◆ **YOUR INSTRUCTIONS**
The answer must be every record below, repeated exactly.

◆ **PROVIDED RECORDS**
Theorem mainTheorem6
  (R : comNzRingType) (m : R -> Prop)
  (G : zmodType) (le : rel G) (nu : R -> option G) (D : G -> Prop)
  (Hnoeth : noetherian R) (Hloc : is_local m)
  (Hord : ordered_group le) (Hval : is_valuation le nu) (Hcent : centered_on le nu m)
  (HD : convex_subgroup le nu D)
  (* R/p, with p = C_{nu_1}(R), given by the quotient map pi *)
  (Q : comNzRingType) (pi : {rmorphism R -> Q})
  (Hpi_surj : forall y, exists x, pi x = y)
  (Hpi_ker : forall x, pi x = 0 <-> center1 le nu D x)
  (* nu_2 on R/p *)
  (nu2 : Q -> option G)
  (Hnu2 : forall x, (center1 le nu D x -> nu2 (pi x) = None) /\
                    (~ center1 le nu D x -> nu2 (pi x) = nu x))
  (* a local blowing up R/p -> Rbar1 w.r.t. nu_2 *)
  (Rbar1 : comNzRingType) (phibar : {rmorphism Q -> Rbar1}) (bbar : Q) (asbar : seq Q)
  (Hbl : local_blowup le phibar nu2 bbar asbar) :
  exists (S : comNzRingType) (phi : {rmorphism R -> S}) (b : R) (as_ : seq R)
         (nuS : S -> option G),
    [/\ local_blowup le phi nu b as_,
        (* nuS is the extension of nu to R^(1); p^(1) = center1 le nuS D *)
        vmult nuS /\ (forall x, nuS (phi x) = nu x),
        (* R^(1)/p^(1) ~ Rbar1 *)
        (exists (Q1 : comNzRingType) (q : {rmorphism S -> Q1}),
           [/\ forall y, exists x, q x = y,
               forall s, q s = 0 <-> center1 le nuS D s
             & exists i : {rmorphism Q1 -> Rbar1}, bijective i])
      & (* R_p ~ R^(1)_{p^(1)} *)
        exists (L1 L2 : comNzRingType) (l1 : {rmorphism R -> L1}) (l2 : {rmorphism S -> L2}),
          [/\ is_localization (fun x => ~ center1 le nu D x) l1,
              is_localization (fun s => ~ center1 le nuS D s) l2
            & exists i : {rmorphism L1 -> L2}, bijective i]].
Proof.
case: Hbl => nu2b [nu2_as [Qb [to_Qb [nu_Qb [to_Qb_loc nu_Qb_mult nu_Qb_to_Qb Hfb]]]]].
have [to_Rbar1 [to_Rbar1_loc _]] := Hfb.
case: Hval => nu_mult nu_ultra nu1 nu0 _; case: Hcent => nu_ge0 _.
have [b pib] := Hpi_surj bbar.
have [gb nub Dgb] : exists2 gb, nu b = Some gb & D gb.
  by apply: (residue_val_fin Hord nu_ge0 HD Hnu2); rewrite pib.
have [as_ as_lift] := map_surj Hpi_surj asbar.
have nu_as a : a \in as_ -> vle le (nu b) (nu a).
  move=> ain; apply: (residue_val_le Hord nu_ge0 HD Hnu2 (not_center1I nub Dgb)).
  by rewrite pib; apply: nu2_as; rewrite -as_lift map_f.
exists _, (blowup_map Hord nu_mult nu_ultra nu1 nu0 nu_ge0 nub nu_as), b, as_,
  (nu_R1 (nub := nub) (nu_as := nu_as)).
split; first exact: blowup_local_blowup.
- by split; [exact: nu_R1_mult | exact: nu_R1_blowup].
- exists Rbar1, (reduce_R1 _ _ _ _ _ _ _ _ HD Dgb Hpi_ker Hnu2 pib as_lift
                   to_Qb_loc nu_Qb_mult nu_Qb_to_Qb to_Rbar1_loc).
  split; [exact: reduce_R1_surj | exact: reduce_R1_eq0 | by exists idfun; exists idfun].
- exists _, _, (to_Rp Hord nu_mult nu1 nu0 nu_ge0 HD), (R1_to_Rp _ _ _ _ _ _ nub nu_as HD Dgb).
  split; [exact: to_loc_localization | exact: R1_to_Rp_localization |].
  by exists idfun; exists idfun.
Qed.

◆ **WRITTEN ANSWER**
Theorem mainTheorem6
  (R : comNzRingType) (m : R -> Prop)
  (G : zmodType) (le : rel G) (nu : R -> option G) (D : G -> Prop)
  (Hnoeth : noetherian R) (Hloc : is_local m)
  (Hord : ordered_group le) (Hval : is_valuation le nu) (Hcent : centered_on le nu m)
  (HD : convex_subgroup le nu D)
  (* R/p, with p = C_{nu_1}(R), given by the quotient map pi *)
  (Q : comNzRingType) (pi : {rmorphism R -> Q})
  (Hpi_surj : forall y, exists x, pi x = y)
  (Hpi_ker : forall x, pi x = 0 <-> center1 le nu D x)
  (* nu_2 on R/p *)
  (nu2 : Q -> option G)
  (Hnu2 : forall x, (center1 le nu D x -> nu2 (pi x) = None) /\
                    (~ center1 le nu D x -> nu2 (pi x) = nu x))
  (* a local blowing up R/p -> Rbar1 w.r.t. nu_2 *)
  (Rbar1 : comNzRingType) (phibar : {rmorphism Q -> Rbar1}) (bbar : Q) (asbar : seq Q)
  (Hbl : local_blowup le phibar nu2 bbar asbar) :
  exists (S : comNzRingType) (phi : {rmorphism R -> S}) (b : R) (as_ : seq R)
         (nuS : S -> option G),
    [/\ local_blowup le phi nu b as_,
        (* nuS is the extension of nu to R^(1); p^(1) = center1 le nuS D *)
        vmult nuS /\ (forall x, nuS (phi x) = nu x),
        (* R^(1)/p^(1) ~ Rbar1 *)
        (exists (Q1 : comNzRingType) (q : {rmorphism S -> Q1}),
           [/\ forall y, exists x, q x = y,
               forall s, q s = 0 <-> center1 le nuS D s
             & exists i : {rmorphism Q1 -> Rbar1}, bijective i])
      & (* R_p ~ R^(1)_{p^(1)} *)
        exists (L1 L2 : comNzRingType) (l1 : {rmorphism R -> L1}) (l2 : {rmorphism S -> L2}),
          [/\ is_localization (fun x => ~ center1 le nu D x) l1,
              is_localization (fun s => ~ center1 le nuS D s) l2
            & exists i : {rmorphism L1 -> L2}, bijective i]].
Proof.
case: Hbl => nu2b [nu2_as [Qb [to_Qb [nu_Qb [to_Qb_loc nu_Qb_mult nu_Qb_to_Qb Hfb]]]]].
have [to_Rbar1 [to_Rbar1_loc _]] := Hfb.
case: Hval => nu_mult nu_ultra nu1 nu0 _; case: Hcent => nu_ge0 _.
have [b pib] := Hpi_surj bbar.
have [gb nub Dgb] : exists2 gb, nu b = Some gb & D gb.
  by apply: (residue_val_fin Hord nu_ge0 HD Hnu2); rewrite pib.
have [as_ as_lift] := map_surj Hpi_surj asbar.
have nu_as a : a \in as_ -> vle le (nu b) (nu a).
  move=> ain; apply: (residue_val_le Hord nu_ge0 HD Hnu2 (not_center1I nub Dgb)).
  by rewrite pib; apply: nu2_as; rewrite -as_lift map_f.
exists _, (blowup_map Hord nu_mult nu_ultra nu1 nu0 nu_ge0 nub nu_as), b, as_,
  (nu_R1 (nub := nub) (nu_as := nu_as)).
split; first exact: blowup_local_blowup.
- by split; [exact: nu_R1_mult | exact: nu_R1_blowup].
- exists Rbar1, (reduce_R1 _ _ _ _ _ _ _ _ HD Dgb Hpi_ker Hnu2 pib as_lift
                   to_Qb_loc nu_Qb_mult nu_Qb_to_Qb to_Rbar1_loc).
  split; [exact: reduce_R1_surj | exact: reduce_R1_eq0 | by exists idfun; exists idfun].
- exists _, _, (to_Rp Hord nu_mult nu1 nu0 nu_ge0 HD), (R1_to_Rp _ _ _ _ _ _ nub nu_as HD Dgb).
  split; [exact: to_loc_localization | exact: R1_to_Rp_localization |].
  by exists idfun; exists idfun.
Qed.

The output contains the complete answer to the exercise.